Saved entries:
= = = = = = =

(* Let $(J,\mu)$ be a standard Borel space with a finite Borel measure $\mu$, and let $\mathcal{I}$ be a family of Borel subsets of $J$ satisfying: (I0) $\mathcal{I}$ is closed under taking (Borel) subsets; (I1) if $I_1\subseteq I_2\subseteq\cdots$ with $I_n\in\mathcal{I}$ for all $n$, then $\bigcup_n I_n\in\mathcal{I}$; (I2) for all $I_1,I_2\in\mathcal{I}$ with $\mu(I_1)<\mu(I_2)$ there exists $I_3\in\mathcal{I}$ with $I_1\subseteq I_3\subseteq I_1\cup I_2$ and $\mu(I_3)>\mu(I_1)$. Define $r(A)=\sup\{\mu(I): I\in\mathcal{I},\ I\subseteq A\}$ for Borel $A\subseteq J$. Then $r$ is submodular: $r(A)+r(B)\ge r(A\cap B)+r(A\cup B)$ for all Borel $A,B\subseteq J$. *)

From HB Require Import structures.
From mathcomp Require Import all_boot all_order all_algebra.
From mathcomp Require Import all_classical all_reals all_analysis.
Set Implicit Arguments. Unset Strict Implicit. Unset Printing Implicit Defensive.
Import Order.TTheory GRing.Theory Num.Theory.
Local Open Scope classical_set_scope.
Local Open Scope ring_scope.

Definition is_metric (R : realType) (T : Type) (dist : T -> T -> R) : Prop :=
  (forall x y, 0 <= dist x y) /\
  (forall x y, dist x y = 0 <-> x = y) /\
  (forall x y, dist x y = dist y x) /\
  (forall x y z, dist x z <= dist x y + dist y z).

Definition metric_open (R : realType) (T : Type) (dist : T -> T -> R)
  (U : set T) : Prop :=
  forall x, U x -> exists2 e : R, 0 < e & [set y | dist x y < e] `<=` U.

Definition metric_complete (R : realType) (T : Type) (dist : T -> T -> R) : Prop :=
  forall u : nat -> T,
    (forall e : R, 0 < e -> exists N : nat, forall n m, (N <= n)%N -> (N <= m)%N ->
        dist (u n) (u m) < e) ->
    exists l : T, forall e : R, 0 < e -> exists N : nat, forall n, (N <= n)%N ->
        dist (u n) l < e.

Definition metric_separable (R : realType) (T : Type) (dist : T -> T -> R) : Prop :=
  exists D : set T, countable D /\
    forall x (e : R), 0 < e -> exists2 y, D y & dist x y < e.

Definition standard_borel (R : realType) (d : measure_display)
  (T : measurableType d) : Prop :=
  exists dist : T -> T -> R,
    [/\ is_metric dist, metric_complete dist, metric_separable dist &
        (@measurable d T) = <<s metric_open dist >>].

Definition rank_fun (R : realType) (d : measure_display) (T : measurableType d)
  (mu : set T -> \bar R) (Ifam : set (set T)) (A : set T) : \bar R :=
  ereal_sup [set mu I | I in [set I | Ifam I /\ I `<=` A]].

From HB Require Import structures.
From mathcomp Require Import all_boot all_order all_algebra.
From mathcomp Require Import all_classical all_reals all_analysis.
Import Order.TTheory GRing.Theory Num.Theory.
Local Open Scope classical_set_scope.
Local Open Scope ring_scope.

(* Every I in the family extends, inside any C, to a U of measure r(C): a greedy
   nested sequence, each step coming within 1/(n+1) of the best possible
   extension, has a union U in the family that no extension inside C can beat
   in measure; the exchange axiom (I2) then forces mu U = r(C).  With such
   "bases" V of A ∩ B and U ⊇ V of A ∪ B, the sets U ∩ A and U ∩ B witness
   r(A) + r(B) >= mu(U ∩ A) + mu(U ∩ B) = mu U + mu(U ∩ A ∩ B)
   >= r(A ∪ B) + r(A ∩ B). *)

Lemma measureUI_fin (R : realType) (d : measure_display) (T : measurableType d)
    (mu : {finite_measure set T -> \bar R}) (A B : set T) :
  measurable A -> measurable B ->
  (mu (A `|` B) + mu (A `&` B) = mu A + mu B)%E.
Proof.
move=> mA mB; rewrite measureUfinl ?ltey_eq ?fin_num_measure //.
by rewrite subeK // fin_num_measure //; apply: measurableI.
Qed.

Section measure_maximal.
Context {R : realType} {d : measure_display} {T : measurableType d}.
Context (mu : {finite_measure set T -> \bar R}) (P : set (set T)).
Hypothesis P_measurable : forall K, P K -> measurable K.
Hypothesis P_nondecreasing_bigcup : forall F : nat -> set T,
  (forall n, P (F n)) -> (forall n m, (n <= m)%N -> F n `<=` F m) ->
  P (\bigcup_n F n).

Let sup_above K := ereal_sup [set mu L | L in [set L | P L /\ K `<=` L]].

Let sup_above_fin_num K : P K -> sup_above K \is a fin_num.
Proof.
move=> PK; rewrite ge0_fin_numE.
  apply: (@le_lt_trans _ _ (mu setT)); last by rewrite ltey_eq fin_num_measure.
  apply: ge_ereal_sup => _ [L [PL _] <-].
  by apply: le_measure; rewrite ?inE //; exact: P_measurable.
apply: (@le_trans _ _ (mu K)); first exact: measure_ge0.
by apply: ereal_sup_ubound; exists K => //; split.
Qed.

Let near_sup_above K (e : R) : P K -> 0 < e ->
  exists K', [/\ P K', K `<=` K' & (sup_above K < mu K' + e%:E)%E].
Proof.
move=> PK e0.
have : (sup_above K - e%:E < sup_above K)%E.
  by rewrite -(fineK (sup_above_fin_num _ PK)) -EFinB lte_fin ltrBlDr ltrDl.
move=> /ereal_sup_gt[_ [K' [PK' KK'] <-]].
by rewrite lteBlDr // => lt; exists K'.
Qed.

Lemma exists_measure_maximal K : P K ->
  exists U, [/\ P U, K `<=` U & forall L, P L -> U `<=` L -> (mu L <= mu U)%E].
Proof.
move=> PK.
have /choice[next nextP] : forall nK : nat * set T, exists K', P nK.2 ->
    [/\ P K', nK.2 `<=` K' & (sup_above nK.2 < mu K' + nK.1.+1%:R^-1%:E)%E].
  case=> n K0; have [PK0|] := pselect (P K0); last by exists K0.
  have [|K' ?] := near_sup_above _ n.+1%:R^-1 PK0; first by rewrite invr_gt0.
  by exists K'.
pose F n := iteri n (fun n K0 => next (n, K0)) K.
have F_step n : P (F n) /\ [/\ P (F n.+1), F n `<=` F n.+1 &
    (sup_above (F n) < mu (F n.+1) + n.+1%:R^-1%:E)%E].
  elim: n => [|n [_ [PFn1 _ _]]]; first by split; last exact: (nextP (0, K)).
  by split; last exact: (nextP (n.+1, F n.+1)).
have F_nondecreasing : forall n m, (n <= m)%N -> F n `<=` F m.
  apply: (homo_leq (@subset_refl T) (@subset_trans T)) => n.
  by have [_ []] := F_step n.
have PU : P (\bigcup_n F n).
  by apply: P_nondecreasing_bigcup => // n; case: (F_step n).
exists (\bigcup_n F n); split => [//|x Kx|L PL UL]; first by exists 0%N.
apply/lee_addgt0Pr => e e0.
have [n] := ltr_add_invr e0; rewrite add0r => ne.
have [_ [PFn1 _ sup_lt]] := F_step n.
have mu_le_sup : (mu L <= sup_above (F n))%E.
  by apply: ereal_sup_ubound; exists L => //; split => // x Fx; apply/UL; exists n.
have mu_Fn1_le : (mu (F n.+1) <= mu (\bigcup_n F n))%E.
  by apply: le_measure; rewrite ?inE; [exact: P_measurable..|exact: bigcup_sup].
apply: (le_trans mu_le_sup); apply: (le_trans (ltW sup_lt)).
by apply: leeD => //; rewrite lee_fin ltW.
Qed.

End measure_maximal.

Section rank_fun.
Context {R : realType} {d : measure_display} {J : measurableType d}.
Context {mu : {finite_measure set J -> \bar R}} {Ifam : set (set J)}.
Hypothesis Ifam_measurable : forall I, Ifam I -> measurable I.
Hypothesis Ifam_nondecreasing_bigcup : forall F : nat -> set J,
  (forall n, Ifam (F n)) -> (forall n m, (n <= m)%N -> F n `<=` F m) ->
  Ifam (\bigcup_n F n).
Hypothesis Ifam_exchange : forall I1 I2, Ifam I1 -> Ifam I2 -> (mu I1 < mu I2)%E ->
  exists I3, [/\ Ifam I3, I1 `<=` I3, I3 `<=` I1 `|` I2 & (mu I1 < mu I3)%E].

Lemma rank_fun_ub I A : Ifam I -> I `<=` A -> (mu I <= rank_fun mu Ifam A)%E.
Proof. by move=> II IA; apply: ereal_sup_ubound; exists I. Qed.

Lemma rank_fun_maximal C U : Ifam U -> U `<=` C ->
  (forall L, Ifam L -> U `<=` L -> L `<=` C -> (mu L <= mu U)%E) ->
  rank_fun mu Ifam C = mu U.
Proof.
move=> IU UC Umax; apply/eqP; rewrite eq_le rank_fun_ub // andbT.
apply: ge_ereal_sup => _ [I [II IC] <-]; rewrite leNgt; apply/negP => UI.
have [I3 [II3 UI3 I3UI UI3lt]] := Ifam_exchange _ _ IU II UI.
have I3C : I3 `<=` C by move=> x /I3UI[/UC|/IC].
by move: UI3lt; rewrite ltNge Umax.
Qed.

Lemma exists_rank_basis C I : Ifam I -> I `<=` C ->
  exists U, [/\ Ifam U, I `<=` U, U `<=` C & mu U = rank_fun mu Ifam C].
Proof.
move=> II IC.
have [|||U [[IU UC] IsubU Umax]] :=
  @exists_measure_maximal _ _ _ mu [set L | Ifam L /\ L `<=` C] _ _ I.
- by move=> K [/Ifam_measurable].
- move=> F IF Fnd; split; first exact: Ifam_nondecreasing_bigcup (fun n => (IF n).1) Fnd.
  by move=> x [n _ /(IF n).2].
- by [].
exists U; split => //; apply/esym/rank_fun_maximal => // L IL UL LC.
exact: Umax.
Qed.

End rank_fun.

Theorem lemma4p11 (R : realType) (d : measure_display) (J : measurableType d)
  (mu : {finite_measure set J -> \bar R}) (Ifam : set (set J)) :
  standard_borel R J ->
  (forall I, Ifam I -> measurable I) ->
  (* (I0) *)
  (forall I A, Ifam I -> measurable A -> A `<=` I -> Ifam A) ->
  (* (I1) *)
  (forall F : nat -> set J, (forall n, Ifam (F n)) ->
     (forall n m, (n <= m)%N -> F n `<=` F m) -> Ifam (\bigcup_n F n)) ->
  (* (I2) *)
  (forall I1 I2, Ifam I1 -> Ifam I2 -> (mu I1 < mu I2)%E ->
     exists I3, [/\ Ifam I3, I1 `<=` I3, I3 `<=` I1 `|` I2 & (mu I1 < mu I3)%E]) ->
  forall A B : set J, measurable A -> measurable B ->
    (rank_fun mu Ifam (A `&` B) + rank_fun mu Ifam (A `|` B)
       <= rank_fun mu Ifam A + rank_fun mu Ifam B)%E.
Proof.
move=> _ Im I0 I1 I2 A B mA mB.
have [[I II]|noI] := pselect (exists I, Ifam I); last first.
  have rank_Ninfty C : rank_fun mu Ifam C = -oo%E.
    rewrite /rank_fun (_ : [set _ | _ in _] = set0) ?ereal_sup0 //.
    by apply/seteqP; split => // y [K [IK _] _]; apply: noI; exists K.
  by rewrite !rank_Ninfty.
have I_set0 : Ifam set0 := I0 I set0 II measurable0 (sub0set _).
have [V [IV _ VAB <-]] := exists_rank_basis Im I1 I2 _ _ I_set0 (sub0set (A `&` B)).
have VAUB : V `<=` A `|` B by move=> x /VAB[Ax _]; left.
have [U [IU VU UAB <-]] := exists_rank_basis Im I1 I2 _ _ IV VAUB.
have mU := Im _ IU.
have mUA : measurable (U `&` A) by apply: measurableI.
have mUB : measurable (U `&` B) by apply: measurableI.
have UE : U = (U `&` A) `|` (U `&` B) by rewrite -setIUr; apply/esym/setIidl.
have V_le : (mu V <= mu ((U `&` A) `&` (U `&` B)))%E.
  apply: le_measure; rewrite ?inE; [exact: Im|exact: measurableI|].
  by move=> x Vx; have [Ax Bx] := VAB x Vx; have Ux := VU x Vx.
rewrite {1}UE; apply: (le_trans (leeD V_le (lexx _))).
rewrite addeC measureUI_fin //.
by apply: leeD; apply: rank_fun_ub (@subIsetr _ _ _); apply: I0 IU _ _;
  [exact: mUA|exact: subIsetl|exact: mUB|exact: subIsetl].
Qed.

= = = = = = =

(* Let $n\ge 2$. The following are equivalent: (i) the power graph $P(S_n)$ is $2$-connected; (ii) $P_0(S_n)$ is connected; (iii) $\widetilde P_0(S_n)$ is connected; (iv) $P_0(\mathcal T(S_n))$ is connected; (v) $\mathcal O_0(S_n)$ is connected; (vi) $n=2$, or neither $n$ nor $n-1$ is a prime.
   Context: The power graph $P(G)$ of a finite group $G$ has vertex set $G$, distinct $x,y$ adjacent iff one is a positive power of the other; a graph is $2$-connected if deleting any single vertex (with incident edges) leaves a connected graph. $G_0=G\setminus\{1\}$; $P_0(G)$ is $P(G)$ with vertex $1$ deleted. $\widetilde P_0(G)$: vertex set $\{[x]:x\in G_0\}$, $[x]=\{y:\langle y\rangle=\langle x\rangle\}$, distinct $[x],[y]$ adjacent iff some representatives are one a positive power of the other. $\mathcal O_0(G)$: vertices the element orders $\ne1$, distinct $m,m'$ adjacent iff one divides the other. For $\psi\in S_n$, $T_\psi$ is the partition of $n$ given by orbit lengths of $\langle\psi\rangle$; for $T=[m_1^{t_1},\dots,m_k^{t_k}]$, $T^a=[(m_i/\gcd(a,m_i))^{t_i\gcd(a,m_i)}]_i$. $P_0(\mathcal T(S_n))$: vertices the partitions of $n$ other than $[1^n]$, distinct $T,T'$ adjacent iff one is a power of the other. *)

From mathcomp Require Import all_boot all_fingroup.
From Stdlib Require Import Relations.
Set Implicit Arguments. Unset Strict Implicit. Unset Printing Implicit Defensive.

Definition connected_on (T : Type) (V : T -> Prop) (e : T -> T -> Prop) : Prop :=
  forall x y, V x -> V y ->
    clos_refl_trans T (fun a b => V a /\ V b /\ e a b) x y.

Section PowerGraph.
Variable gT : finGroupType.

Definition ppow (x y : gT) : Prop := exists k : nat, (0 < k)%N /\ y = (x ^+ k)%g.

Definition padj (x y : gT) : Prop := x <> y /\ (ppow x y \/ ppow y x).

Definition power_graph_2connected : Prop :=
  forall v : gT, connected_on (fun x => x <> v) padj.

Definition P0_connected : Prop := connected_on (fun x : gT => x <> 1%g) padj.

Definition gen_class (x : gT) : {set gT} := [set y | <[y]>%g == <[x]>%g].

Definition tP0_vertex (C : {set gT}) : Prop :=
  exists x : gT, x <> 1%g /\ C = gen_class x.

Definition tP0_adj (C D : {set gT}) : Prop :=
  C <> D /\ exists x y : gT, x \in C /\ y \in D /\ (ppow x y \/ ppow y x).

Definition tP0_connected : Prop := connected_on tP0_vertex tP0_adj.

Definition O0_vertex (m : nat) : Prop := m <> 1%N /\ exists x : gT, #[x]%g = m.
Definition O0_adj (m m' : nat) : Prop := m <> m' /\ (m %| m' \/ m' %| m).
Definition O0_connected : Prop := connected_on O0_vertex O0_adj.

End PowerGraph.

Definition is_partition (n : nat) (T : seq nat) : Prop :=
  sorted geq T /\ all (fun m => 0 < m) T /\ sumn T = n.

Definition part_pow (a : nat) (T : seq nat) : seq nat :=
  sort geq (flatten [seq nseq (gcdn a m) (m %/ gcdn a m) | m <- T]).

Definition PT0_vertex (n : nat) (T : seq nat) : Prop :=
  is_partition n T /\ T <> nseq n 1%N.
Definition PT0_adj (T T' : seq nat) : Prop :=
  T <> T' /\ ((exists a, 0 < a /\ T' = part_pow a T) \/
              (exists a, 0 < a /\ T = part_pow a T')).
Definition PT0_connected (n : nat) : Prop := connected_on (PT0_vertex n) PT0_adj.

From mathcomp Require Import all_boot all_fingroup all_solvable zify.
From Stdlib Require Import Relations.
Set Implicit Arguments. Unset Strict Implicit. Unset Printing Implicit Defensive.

= = = = = = =

What needs to be done:
Above are the entries. Quote exactly the lines from the one bearing "(* Let $(J,\mu)$" through the one bearing "(U : set T)".

Answer section:
(* Let $(J,\mu)$ be a standard Borel space with a finite Borel measure $\mu$, and let $\mathcal{I}$ be a family of Borel subsets of $J$ satisfying: (I0) $\mathcal{I}$ is closed under taking (Borel) subsets; (I1) if $I_1\subseteq I_2\subseteq\cdots$ with $I_n\in\mathcal{I}$ for all $n$, then $\bigcup_n I_n\in\mathcal{I}$; (I2) for all $I_1,I_2\in\mathcal{I}$ with $\mu(I_1)<\mu(I_2)$ there exists $I_3\in\mathcal{I}$ with $I_1\subseteq I_3\subseteq I_1\cup I_2$ and $\mu(I_3)>\mu(I_1)$. Define $r(A)=\sup\{\mu(I): I\in\mathcal{I},\ I\subseteq A\}$ for Borel $A\subseteq J$. Then $r$ is submodular: $r(A)+r(B)\ge r(A\cap B)+r(A\cup B)$ for all Borel $A,B\subseteq J$. *)

From HB Require Import structures.
From mathcomp Require Import all_boot all_order all_algebra.
From mathcomp Require Import all_classical all_reals all_analysis.
Set Implicit Arguments. Unset Strict Implicit. Unset Printing Implicit Defensive.
Import Order.TTheory GRing.Theory Num.Theory.
Local Open Scope classical_set_scope.
Local Open Scope ring_scope.

Definition is_metric (R : realType) (T : Type) (dist : T -> T -> R) : Prop :=
  (forall x y, 0 <= dist x y) /\
  (forall x y, dist x y = 0 <-> x = y) /\
  (forall x y, dist x y = dist y x) /\
  (forall x y z, dist x z <= dist x y + dist y z).

Definition metric_open (R : realType) (T : Type) (dist : T -> T -> R)
  (U : set T) : Prop :=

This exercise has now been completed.